Your objective
Write out the entries again exactly as they are given.

Saved data entries
*** Block opens ***

(* Let $C$ be a small category, $\mathbb{K}$ a presheaf on $C$, and $\top:1\to\mathbb{K}$ a global element. Let $\Gamma$ be a presheaf on $C$ and $\phi:\Gamma\to\mathbb{K}$ a morphism (a term $\Gamma\vdash\phi:\mathbb{K}$). Let $T$ be a type in context $\Gamma$ and $A$ a type in context $\Gamma.[\phi]$, and suppose $T$ restricted to $\Gamma.[\phi]$ is isomorphic to $A$, via mutually inverse morphisms $\alpha:A\to T$ and $\beta:T\to A$ of types over $\Gamma.[\phi]$. Then there is a type $\mathcal{T}(A,T,\phi)$ in context $\Gamma$, constructed uniformly from $(A,T,\phi,\alpha,\beta)$, such that: (1) the restriction of $\mathcal{T}(A,T,\phi)$ to $\Gamma.[\phi]$ is equal (strictly, as a presheaf) to $A$; (2) there is an isomorphism $\alpha':\mathcal{T}(A,T,\phi)\to T$, $\beta':T\to\mathcal{T}(A,T,\phi)$ of types over $\Gamma$ whose restrictions to $\Gamma.[\phi]$ are exactly $\alpha$ and $\beta$ respectively; (3) for every morphism $\rho:\Delta\to\Gamma$ of presheaves, the reindexing satisfies $\mathcal{T}(A,T,\phi)\rho=\mathcal{T}(A\rho,T\rho,\phi\rho)$ (where $\alpha,\beta$ are reindexed along the induced map $\Delta.[\phi\rho]\to\Gamma.[\phi]$).
   Context: A type in context $\Gamma$ (a presheaf on $C$) is a presheaf on the category of elements $\int\Gamma$ (objects $(c,\gamma)$ with $\gamma\in\Gamma(c)$); reindexing along $\rho:\Delta\to\Gamma$ is precomposition with the induced functor $\int\Delta\to\int\Gamma$. For a type $A$ over $\Gamma$, $\Gamma.A$ is the presheaf $c\mapsto\{(\gamma,a)\mid\gamma\in\Gamma(c),a\in A(c,\gamma)\}$. $[\phi]$ denotes the type over $\Gamma$ with $[\phi](c,\gamma)=\{\star\}$ if $\phi_c(\gamma)=\top_c$ and $\emptyset$ otherwise (the identity type $\phi=\top$); so $\Gamma.[\phi]$ is the subpresheaf of $\Gamma$ where $\phi=\top$. *)

From Stdlib Require Import ProofIrrelevance FunctionalExtensionality.

Unset Implicit Arguments.

Record Category := {
  Ob : Type;
  Hom : Ob -> Ob -> Type;
  idm : forall a, Hom a a;
  comp : forall a b c, Hom b c -> Hom a b -> Hom a c;
  comp_id_l : forall a b (f : Hom a b), comp a b b (idm b) f = f;
  comp_id_r : forall a b (f : Hom a b), comp a a b f (idm a) = f;
  comp_assoc : forall a b c d (h : Hom c d) (g : Hom b c) (f : Hom a b),
      comp a c d h (comp a b c g f) = comp a b d (comp b c d h g) f
}.
Arguments idm {_} a.
Arguments comp {_ a b c} _ _.

Record Functor (C D : Category) := {
  fob : Ob C -> Ob D;
  fhom : forall a b, Hom C a b -> Hom D (fob a) (fob b);
  fid : forall a, fhom a a (idm a) = idm (fob a);
  fcomp : forall a b c (g : Hom C b c) (f : Hom C a b),
      fhom a c (comp g f) = comp (fhom b c g) (fhom a b f)
}.
Arguments fhom {_ _} _ {a b} _.
Arguments fob {_ _} _ _.
Arguments fid {_ _} _ a.
Arguments fcomp {_ _} _ {a b c} g f.
Arguments comp_id_l {_ a b} f.
Arguments comp_id_r {_ a b} f.
Arguments comp_assoc {_ a b c d} h g f.

Record Psh (C : Category) := {
  pobj : Ob C -> Type;
  pact : forall c d, Hom C d c -> pobj c -> pobj d;
  pact_id : forall c (x : pobj c), pact c c (idm c) x = x;
  pact_comp : forall c d e (f : Hom C d c) (g : Hom C e d) (x : pobj c),
      pact c e (comp f g) x = pact d e g (pact c d f x)
}.
Arguments pobj {_} _ _.
Arguments pact {_} _ {c d} _ _.
Arguments pact_id {_} _ {c} x.
Arguments pact_comp {_} _ {c d e} f g x.
Arguments Build_Psh {C} pobj pact pact_id pact_comp.

Record NatTrans (C : Category) (X Y : Psh C) := {
  nt : forall c, pobj X c -> pobj Y c;
  nt_nat : forall c d (f : Hom C d c) (x : pobj X c),
      nt d (pact X f x) = pact Y f (nt c x)
}.
Arguments nt {_ _ _} _ c _.
Arguments NatTrans {C} X Y.
Arguments nt_nat {_ _ _} _ {c d} f x.
Arguments Build_NatTrans {C X Y} nt nt_nat.

Definition ntcomp {C : Category} {X Y Z : Psh C}
  (f : NatTrans X Y) (g : NatTrans Y Z) : NatTrans X Z.
Proof.
  refine (@Build_NatTrans C X Z (fun c x => nt g c (nt f c x)) _).
  intros c d h x. rewrite (nt_nat f), (nt_nat g). reflexivity.
Defined.

Definition Psh1 (C : Category) : Psh C.
Proof.
  refine {| pobj := fun _ => unit; pact := fun _ _ _ x => x |};
  reflexivity.
Defined.

Definition ElHom {C : Category} (G : Psh C)
  (x y : {c : Ob C & pobj G c}) : Type :=
  { f : Hom C (projT1 x) (projT1 y) | pact G f (projT2 y) = projT2 x }.

Lemma ElHom_eq {C : Category} (G : Psh C) x y (f g : ElHom G x y) :
  proj1_sig f = proj1_sig g -> f = g.
Proof.
  destruct f as [f p], g as [g q]; simpl; intros e; subst g.
  f_equal; apply proof_irrelevance.
Qed.

Definition El_comp {C : Category} (G : Psh C) x y z
  (g : ElHom G y z) (f : ElHom G x y) : ElHom G x z.
Proof.
  refine (exist _ (comp (proj1_sig g) (proj1_sig f)) _).
  destruct g as [g pg], f as [f pf]; simpl.
  rewrite (pact_comp G), pg, pf. reflexivity.
Defined.

Definition Elements {C : Category} (G : Psh C) : Category.
Proof.
  refine {| Ob := {c : Ob C & pobj G c};
            Hom := ElHom G;
            idm := fun x => exist _ (idm (projT1 x)) (pact_id G (projT2 x));
            comp := El_comp G |}.
  - intros; apply ElHom_eq; simpl; apply comp_id_l.
  - intros; apply ElHom_eq; simpl; apply comp_id_r.
  - intros; apply ElHom_eq; simpl; apply comp_assoc.
Defined.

*** Block closes ***

Written answer
(* Let $C$ be a small category, $\mathbb{K}$ a presheaf on $C$, and $\top:1\to\mathbb{K}$ a global element. Let $\Gamma$ be a presheaf on $C$ and $\phi:\Gamma\to\mathbb{K}$ a morphism (a term $\Gamma\vdash\phi:\mathbb{K}$). Let $T$ be a type in context $\Gamma$ and $A$ a type in context $\Gamma.[\phi]$, and suppose $T$ restricted to $\Gamma.[\phi]$ is isomorphic to $A$, via mutually inverse morphisms $\alpha:A\to T$ and $\beta:T\to A$ of types over $\Gamma.[\phi]$. Then there is a type $\mathcal{T}(A,T,\phi)$ in context $\Gamma$, constructed uniformly from $(A,T,\phi,\alpha,\beta)$, such that: (1) the restriction of $\mathcal{T}(A,T,\phi)$ to $\Gamma.[\phi]$ is equal (strictly, as a presheaf) to $A$; (2) there is an isomorphism $\alpha':\mathcal{T}(A,T,\phi)\to T$, $\beta':T\to\mathcal{T}(A,T,\phi)$ of types over $\Gamma$ whose restrictions to $\Gamma.[\phi]$ are exactly $\alpha$ and $\beta$ respectively; (3) for every morphism $\rho:\Delta\to\Gamma$ of presheaves, the reindexing satisfies $\mathcal{T}(A,T,\phi)\rho=\mathcal{T}(A\rho,T\rho,\phi\rho)$ (where $\alpha,\beta$ are reindexed along the induced map $\Delta.[\phi\rho]\to\Gamma.[\phi]$).
   Context: A type in context $\Gamma$ (a presheaf on $C$) is a presheaf on the category of elements $\int\Gamma$ (objects $(c,\gamma)$ with $\gamma\in\Gamma(c)$); reindexing along $\rho:\Delta\to\Gamma$ is precomposition with the induced functor $\int\Delta\to\int\Gamma$. For a type $A$ over $\Gamma$, $\Gamma.A$ is the presheaf $c\mapsto\{(\gamma,a)\mid\gamma\in\Gamma(c),a\in A(c,\gamma)\}$. $[\phi]$ denotes the type over $\Gamma$ with $[\phi](c,\gamma)=\{\star\}$ if $\phi_c(\gamma)=\top_c$ and $\emptyset$ otherwise (the identity type $\phi=\top$); so $\Gamma.[\phi]$ is the subpresheaf of $\Gamma$ where $\phi=\top$. *)

From Stdlib Require Import ProofIrrelevance FunctionalExtensionality.

Unset Implicit Arguments.

Record Category := {
  Ob : Type;
  Hom : Ob -> Ob -> Type;
  idm : forall a, Hom a a;
  comp : forall a b c, Hom b c -> Hom a b -> Hom a c;
  comp_id_l : forall a b (f : Hom a b), comp a b b (idm b) f = f;
  comp_id_r : forall a b (f : Hom a b), comp a a b f (idm a) = f;
  comp_assoc : forall a b c d (h : Hom c d) (g : Hom b c) (f : Hom a b),
      comp a c d h (comp a b c g f) = comp a b d (comp b c d h g) f
}.
Arguments idm {_} a.
Arguments comp {_ a b c} _ _.

Record Functor (C D : Category) := {
  fob : Ob C -> Ob D;
  fhom : forall a b, Hom C a b -> Hom D (fob a) (fob b);
  fid : forall a, fhom a a (idm a) = idm (fob a);
  fcomp : forall a b c (g : Hom C b c) (f : Hom C a b),
      fhom a c (comp g f) = comp (fhom b c g) (fhom a b f)
}.
Arguments fhom {_ _} _ {a b} _.
Arguments fob {_ _} _ _.
Arguments fid {_ _} _ a.
Arguments fcomp {_ _} _ {a b c} g f.
Arguments comp_id_l {_ a b} f.
Arguments comp_id_r {_ a b} f.
Arguments comp_assoc {_ a b c d} h g f.

Record Psh (C : Category) := {
  pobj : Ob C -> Type;
  pact : forall c d, Hom C d c -> pobj c -> pobj d;
  pact_id : forall c (x : pobj c), pact c c (idm c) x = x;
  pact_comp : forall c d e (f : Hom C d c) (g : Hom C e d) (x : pobj c),
      pact c e (comp f g) x = pact d e g (pact c d f x)
}.
Arguments pobj {_} _ _.
Arguments pact {_} _ {c d} _ _.
Arguments pact_id {_} _ {c} x.
Arguments pact_comp {_} _ {c d e} f g x.
Arguments Build_Psh {C} pobj pact pact_id pact_comp.

Record NatTrans (C : Category) (X Y : Psh C) := {
  nt : forall c, pobj X c -> pobj Y c;
  nt_nat : forall c d (f : Hom C d c) (x : pobj X c),
      nt d (pact X f x) = pact Y f (nt c x)
}.
Arguments nt {_ _ _} _ c _.
Arguments NatTrans {C} X Y.
Arguments nt_nat {_ _ _} _ {c d} f x.
Arguments Build_NatTrans {C X Y} nt nt_nat.

Definition ntcomp {C : Category} {X Y Z : Psh C}
  (f : NatTrans X Y) (g : NatTrans Y Z) : NatTrans X Z.
Proof.
  refine (@Build_NatTrans C X Z (fun c x => nt g c (nt f c x)) _).
  intros c d h x. rewrite (nt_nat f), (nt_nat g). reflexivity.
Defined.

Definition Psh1 (C : Category) : Psh C.
Proof.
  refine {| pobj := fun _ => unit; pact := fun _ _ _ x => x |};
  reflexivity.
Defined.

Definition ElHom {C : Category} (G : Psh C)
  (x y : {c : Ob C & pobj G c}) : Type :=
  { f : Hom C (projT1 x) (projT1 y) | pact G f (projT2 y) = projT2 x }.

Lemma ElHom_eq {C : Category} (G : Psh C) x y (f g : ElHom G x y) :
  proj1_sig f = proj1_sig g -> f = g.
Proof.
  destruct f as [f p], g as [g q]; simpl; intros e; subst g.
  f_equal; apply proof_irrelevance.
Qed.

Definition El_comp {C : Category} (G : Psh C) x y z
  (g : ElHom G y z) (f : ElHom G x y) : ElHom G x z.
Proof.
  refine (exist _ (comp (proj1_sig g) (proj1_sig f)) _).
  destruct g as [g pg], f as [f pf]; simpl.
  rewrite (pact_comp G), pg, pf. reflexivity.
Defined.

Definition Elements {C : Category} (G : Psh C) : Category.
Proof.
  refine {| Ob := {c : Ob C & pobj G c};
            Hom := ElHom G;
            idm := fun x => exist _ (idm (projT1 x)) (pact_id G (projT2 x));
            comp := El_comp G |}.
  - intros; apply ElHom_eq; simpl; apply comp_id_l.
  - intros; apply ElHom_eq; simpl; apply comp_id_r.
  - intros; apply ElHom_eq; simpl; apply comp_assoc.
Defined.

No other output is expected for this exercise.